- _TASK INSTRUCTIONS_:
A single number is the answer here: how many lines below include "apply"?

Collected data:
Lemma integral_kernel_sqr_sub_le (w : X -> R) x : measurable_fun setT w ->
  \int[Q x]_y ((w x - w y) ^+ 2)%:E <=
  (2 * w x ^+ 2)%:E + 2%:E * \int[Q x]_y (w y ^+ 2)%:E.
Proof.
move=> mw; have mw2 := measurable_EFin_sqr mw.
rewrite -[in X in _ + X]ge0_integralZl //; last by move=> y _; rewrite lee_fin sqr_ge0.
rewrite -[X in X + _](mule1 _) -(@prob_kernel _ _ _ _ _ Q x) -integral_cst //.
rewrite -ge0_integralD //; last 3 first.
- by move=> z _; rewrite /= lee_fin mulr_ge0 ?sqr_ge0.
- by move=> z _; rewrite -EFinM lee_fin mulr_ge0 ?sqr_ge0.
- exact: measurable_funeM.
apply: ge0_le_integral => //.
- by move=> y _; rewrite lee_fin sqr_ge0.
- by apply: measurable_EFin_sqr; apply: measurable_funB.
- by apply: emeasurable_funD => //; exact: measurable_funeM.
move=> y _; rewrite -EFinM -EFinD lee_fin -subr_ge0.
have -> : (2 * w x ^+ 2 + 2 * w y ^+ 2 - (w x - w y) ^+ 2 = (w x + w y) ^+ 2)%R.
  by ring.
exact: sqr_ge0.
Qed.

Lemma integral_sqr_sub_kernel_le (m : {measure set X -> \bar R}) (w : X -> R) :
  kernel_invariant m Q -> measurable_fun setT w ->
  \int[m]_x \int[Q x]_y ((w x - w y) ^+ 2)%:E <= 4%:E * l2sq m w.
Proof.
move=> Qinv mw; have mw2 := measurable_EFin_sqr mw.
have mQw2 : measurable_fun setT (fun x => \int[Q x]_y (w y ^+ 2)%:E).
  apply: measurable_fun_integral_kernel => //; last by move=> z; rewrite lee_fin sqr_ge0.
  by move=> U mU; exact: (measurable_kernel Q _ mU).
have mtwice : measurable_fun setT (fun x => (2 * w x ^+ 2)%:E).
  by apply/measurable_EFinP; apply: measurable_funM => //; exact: measurable_funX.
have mG := measurable_integral_kernel_sqr_sub mw.
apply: (@le_trans _ _ (\int[m]_x ((2 * w x ^+ 2)%:E + 2%:E * \int[Q x]_y (w y ^+ 2)%:E))).
  apply: ge0_le_integral => //.
  - by move=> x _; apply: integral_ge0 => y _; rewrite lee_fin sqr_ge0.
  - exact: emeasurable_funD (measurable_funeM _ mQw2).
  - by move=> x _; exact: integral_kernel_sqr_sub_le.
rewrite ge0_integralD //; last 3 first.
- by move=> x _; rewrite lee_fin mulr_ge0 ?sqr_ge0.
- by move=> x _; rewrite mule_ge0 // integral_ge0 // => y _; rewrite lee_fin sqr_ge0.
- exact: measurable_funeM.
rewrite ge0_integralZl //; last by move=> x _; apply: integral_ge0 => y _; rewrite lee_fin sqr_ge0.
rewrite -integral_kernel_invariant //; last by move=> y; rewrite lee_fin sqr_ge0.
under eq_integral do rewrite EFinM.
rewrite ge0_integralZl //; last by move=> y _; rewrite lee_fin sqr_ge0.
have -> : 4%:E = 2%:E + 2%:E :> \bar R by rewrite -EFinD; congr EFin; lra.
by rewrite ge0_muleDl ?lee_fin.
Qed.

- _FINISHED TASK_:
9